Core Concepts
Momentum does not provide significant optimization or generalization benefits in stochastic gradient descent when the learning rate is small, as SGD and SGD with Momentum (SGDM) exhibit similar behaviors in both short-term and long-term training.
Abstract
The paper investigates the role of momentum in stochastic gradient descent (SGD) optimization, particularly in settings where the learning rate is small. The key findings are:
Theoretical Analysis:
In the short-term (O(1/η) steps), SGD and SGDM are shown to be weakly approximated, meaning their distributions are similar. This holds even when the gradient noise scales inversely with the learning rate.
In the long-term (O(1/η^2) steps), SGD and SGDM are proven to have the same limiting dynamics when the iterates are close to a manifold of local minimizers.
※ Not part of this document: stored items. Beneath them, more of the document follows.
(* Let $\mathbf v=(v_1,\dots,v_m)$ and $\mathbf k=(k_1,\dots,k_m)$ be $m$-tuples of positive integers with $k_i\le v_i$ for all $i$, and put $v=\sum_i v_i$, $k=\sum_i k_i$, assuming $k\ge 2$. Then \[ C(\mathbf v,\mathbf k,2)\ \ge\ \left\lceil \frac{\binom{v}{2}-\sum_{i:\,k_i=1}\binom{v_i}{2}}{\binom{k}{2}}\right\rceil=\left\lceil \frac{\sum_{i:\,k_i\neq 1}\binom{v_i}{2}+\sum_{1\le i<j\le m}v_iv_j}{\binom{k}{2}}\right\rceil, \] with the convention $\binom{1}{2}=0$.
   Context: Let $X_1,\dots,X_m$ be pairwise disjoint sets with $|X_i|=v_i$. A block is an $m$-tuple of sets $(B_1,\dots,B_m)$ with $B_i\subseteq X_i$, $|B_i|=k_i$. An $m$-tuple of sets $(T_1,\dots,T_m)$ is $(\mathbf v,\mathbf k,2)$-admissible if $T_i\subseteq X_i$, $|T_i|\le k_i$ for all $i$ and $\sum_i|T_i|=2$; it is contained in a block if $T_i\subseteq B_i$ for all $i$. A ${\rm GC}(\mathbf v,\mathbf k,2)$ is a finite family (repetitions allowed) of blocks such that every admissible tuple is contained in at least one block; $C(\mathbf v,\mathbf k,2)$ is the minimum number of blocks of such a family. *)

From mathcomp Require Import all_boot.
Set Implicit Arguments. Unset Strict Implicit. Unset Printing Implicit Defensive.

Definition pt (m : nat) (v : 'I_m -> nat) : finType := {i : 'I_m & 'I_(v i)}.

Definition part (m : nat) (v : 'I_m -> nat) (i : 'I_m) : {set pt v} :=
  [set x : pt v | tag x == i].

(* A block (B_1,...,B_m) with |B_i| = k_i, represented by the union of the B_i. *)
Definition is_block (m : nat) (v k : 'I_m -> nat) (B : {set pt v}) : Prop :=
  forall i : 'I_m, #|B :&: part v i| = k i.

(* (v,k,2)-admissible tuple (T_1,...,T_m), represented by the union of the T_i. *)
Definition admissible (m : nat) (v k : 'I_m -> nat) (T : {set pt v}) : Prop :=
  #|T| = 2 /\ forall i : 'I_m, #|T :&: part v i| <= k i.

Definition is_GC (m : nat) (v k : 'I_m -> nat) (F : seq {set pt v}) : Prop :=
  (forall B, B \in F -> is_block k B) /\
  (forall T, admissible k T -> exists2 B, B \in F & T \subset B).

Definition ceil_div (a b : nat) : nat := (a + b - 1) %/ b.

(* A 2-subset of the ground set is non-admissible exactly when it lies inside
   a part X_i with k_i = 1 (a pair meets at most one part twice, and k_i >= 1
   for all i), so there are C(v,2) - sum_{k_i = 1} C(v_i,2) admissible pairs.
   A block contains exactly C(k,2) pairs and every admissible pair lies in
   some block of a GC, so double counting gives |F| * C(k,2) >= that number. *)

From mathcomp Require Import all_boot zify.

Set Implicit Arguments.
Unset Strict Implicit.
Unset Printing Implicit Defensive.

Lemma bin2D a b : 'C(a + b, 2) = 'C(a, 2) + 'C(b, 2) + a * b.
Proof. by rewrite -Vandermonde !big_ord_recr big_ord0 /= !bin0 !bin1 subn0; lia. Qed.

Lemma bin2_sum_ord n (a : 'I_n -> nat) :
  'C(\sum_(i < n) a i, 2) =
  \sum_(i < n) 'C(a i, 2) + \sum_(i < n) \sum_(j < n | i < j) a i * a j.
Proof.
elim: n a => [|n IHn] a; first by rewrite !big_ord0.
have first_row :
    \sum_(j < n.+1 | 0 < j) a ord0 * a j = a ord0 * \sum_(j < n) a (lift ord0 j).
  by rewrite big_mkcond big_ord_recl big_distrr.
have other_rows (i : 'I_n) :
    \sum_(j < n.+1 | lift ord0 i < j) a (lift ord0 i) * a j
    = \sum_(j < n | i < j) a (lift ord0 i) * a (lift ord0 j).
  by rewrite big_mkcond big_ord_recl [RHS]big_mkcond.
rewrite !big_ord_recl first_row (eq_bigr _ (fun i _ => other_rows i)).
by rewrite bin2D IHn -!addnA; do 2 congr (_ + _); rewrite addnC.
Qed.

Lemma subset_cardsI (T : finType) (A B : {set T}) :
  (A \subset B) = (#|A :&: B| == #|A|).
Proof. by rewrite -subsetIidl (subset_leqif_card (subsetIl A B)).2. Qed.

Lemma sum_nat_indicator (T : finType) (A : {pred T}) (P : pred T) :
  \sum_(x in A) (P x : nat) = #|[set x in A | P x]|.
Proof.
rewrite -sum1_card [RHS]big_mkcond [LHS]big_mkcond; apply: eq_bigr => x _.
by rewrite inE; case: (x \in A); case: (P x).
Qed.

Lemma ceil_div_leq a c n : 0 < c -> a <= n * c -> ceil_div a c <= n.
Proof. by move=> c_gt0 le_a; rewrite /ceil_div -ltnS ltn_divLR // mulSn; lia. Qed.

Section Parts.

Variables (m : nat) (v : 'I_m -> nat).

Lemma card_partition_parts (B : {set pt v}) :
  #|B| = \sum_(i < m) #|B :&: part v i|.
Proof.
rewrite -sum1_card (partition_big (fun x : pt v => tag x) xpredT) //=.
apply: eq_bigr => i _; rewrite -sum1_card; apply: eq_bigl => x.
by rewrite !inE andbC.
Qed.

Lemma card_part i : #|part v i| = v i.
Proof.
have -> : part v i = [set Tagged (fun j => 'I_(v j)) t | t : 'I_(v i)].
  apply/setP => x; rewrite inE; apply/eqP/imsetP => [|[t _ ->]] //.
  by case: x => j t /= <-; exists t.
by rewrite card_imset ?card_ord //; apply: eq_from_Tagged.
Qed.

Lemma card_pt : #|pt v| = \sum_(i < m) v i.
Proof.
rewrite -cardsT card_partition_parts; apply: eq_bigr => i _.
by rewrite setTI card_part.
Qed.

Lemma subset_part_uniq (T : {set pt v}) i j :
  T != set0 -> T \subset part v i -> T \subset part v j -> i = j.
Proof.
case/set0Pn => x xT /subsetP/(_ x xT) + /subsetP/(_ x xT).
by rewrite !inE => /eqP <- /eqP.
Qed.

Section Admissible.

Variable k : 'I_m -> nat.

Definition admissible_pairs : {set {set pt v}} :=
  [set T : {set pt v} | (#|T| == 2) && [forall i, #|T :&: part v i| <= k i]].

Lemma admissible_pairsP (T : {set pt v}) :
  reflect (admissible k T) (T \in admissible_pairs).
Proof.
by rewrite inE; apply: (iffP andP) => [[/eqP T2 /forallP] | [-> /forallP]].
Qed.

Lemma card_pairs_in_block (B : {set pt v}) : is_block k B ->
  #|[set T : {set pt v} | T \subset B & #|T| == 2]| = 'C(\sum_(i < m) k i, 2).
Proof.
move=> blockB; rewrite cards_draws card_partition_parts.
by under eq_bigr do rewrite blockB.
Qed.

Lemma card_admissible_pairs_GC (F : seq {set pt v}) : is_GC k F ->
  #|admissible_pairs| <= size F * 'C(\sum_(i < m) k i, 2).
Proof.
case=> blocks covers.
have covered T : T \in admissible_pairs -> 1 <= \sum_(B <- F) (T \subset B).
  by case/admissible_pairsP/covers => B BF TB; rewrite (big_rem B) //= TB.
apply: (@leq_trans (\sum_(T in admissible_pairs) \sum_(B <- F) (T \subset B))).
  by rewrite -sum1_card; apply: leq_sum.
rewrite exchange_big /= -[size F]count_predT -sum1_count big_distrl /= big_seq [leqRHS]big_seq.
apply: leq_sum => B BF; rewrite mul1n -(card_pairs_in_block (blocks B BF)).
rewrite sum_nat_indicator subset_leq_card //; apply/subsetP => T.
by rewrite !inE => /andP [/andP [-> _] ->].
Qed.

Hypothesis k_gt0 : forall i, 0 < k i.

Lemma admissible_or_in_unit_part (T : {set pt v}) : #|T| = 2 ->
  (T \in admissible_pairs) + \sum_(i < m | k i == 1) (T \subset part v i) = 1.
Proof.
move=> T2; rewrite inE T2 eqxx /=.
have subset_part i : (T \subset part v i) = (#|T :&: part v i| == 2).
  by rewrite subset_cardsI T2.
have le2 i : #|T :&: part v i| <= 2 by rewrite -T2 subset_leq_card ?subsetIl.
case: forallP => [adm | /forallP/forallPn [i]].
  rewrite big1 // => i /eqP ki; rewrite subset_part.
  by rewrite ltn_eqF // ltnS -ki adm.
rewrite -ltnNge => lt_k.
have ki : k i == 1 by rewrite eqn_leq k_gt0 -ltnS (leq_trans lt_k (le2 i)).
have Ti : T \subset part v i.
  by rewrite subset_part eqn_leq le2; move: lt_k; rewrite (eqP ki).
rewrite (bigD1 i) //= Ti big1 // => j /andP [_ ji].
apply/eqP; rewrite eqb0; apply: contraNN ji => Tj.
by rewrite (@subset_part_uniq T j i) // -card_gt0 T2.
Qed.

Lemma card_admissible_pairs :
  #|admissible_pairs| + \sum_(i < m | k i == 1) 'C(v i, 2)
  = 'C(\sum_(i < m) v i, 2).
Proof.
pose pairs := [set T : {set pt v} | #|T| == 2].
have -> : #|admissible_pairs| = \sum_(T in pairs) (T \in admissible_pairs).
  rewrite sum_nat_indicator; apply: eq_card => T.
  by rewrite !inE; case: (_ == 2).
have pairs_in_part i : 'C(v i, 2) = \sum_(T in pairs) (T \subset part v i).
  rewrite -(card_part i) -cards_draws sum_nat_indicator; apply: eq_card => T.
  by rewrite !inE andbC.
rewrite (eq_bigr _ (fun i _ => pairs_in_part i)) exchange_big -big_split /=.
rewrite -card_pt -card_draws -sum1_card; apply: eq_bigr => T.
by rewrite inE => /eqP /admissible_or_in_unit_part ->.
Qed.

End Admissible.

End Parts.

Theorem proposition3p7 (m : nat) (v k : 'I_m -> nat)
  (hv : forall i, 0 < v i) (hk : forall i, 0 < k i) (hkv : forall i, k i <= v i)
  (hk2 : 2 <= \sum_(i < m) k i) :
  let V := \sum_(i < m) v i in
  let K := \sum_(i < m) k i in
  ceil_div ('C(V, 2) - \sum_(i < m | k i == 1) 'C(v i, 2)) 'C(K, 2)
  = ceil_div (\sum_(i < m | k i != 1) 'C(v i, 2)
              + \sum_(i < m) \sum_(j < m | i < j) v i * v j) 'C(K, 2)
  /\
  (forall F : seq {set pt v}, is_GC k F ->
     ceil_div ('C(V, 2) - \sum_(i < m | k i == 1) 'C(v i, 2)) 'C(K, 2) <= size F).
Proof.
move=> V K; split.
  by rewrite /V bin2_sum_ord (bigID (fun i => k i == 1)) /= -addnA addKn.
move=> F GC_F; apply: ceil_div_leq; first by rewrite bin_gt0.
by rewrite -(card_admissible_pairs v hk) addnK card_admissible_pairs_GC.
Qed.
This suggests momentum does not provide extra generalization benefits over SGD in this regime.
Empirical Verification:
Experiments on ImageNet training of ResNet-50 and fine-tuning of RoBERTa-large confirm that SGD and SGDM perform comparably when the optimal learning rate is small.
For large-batch training on CIFAR-10, the authors show that the benefit of momentum can be attributed to its ability to mitigate curvature-induced impacts, rather than noise reduction. When the curvature-induced impact is reduced, the performance gap between SGD and SGDM diminishes.
The paper concludes that momentum provides limited benefits in practical training regimes where the optimal learning rate is not very large, and that model performance is generally insensitive to the choice of momentum hyperparameters in such settings.
Stats
The paper does not provide any specific numerical data or metrics to support the claims. The analysis is primarily theoretical, with empirical results presented in a qualitative manner.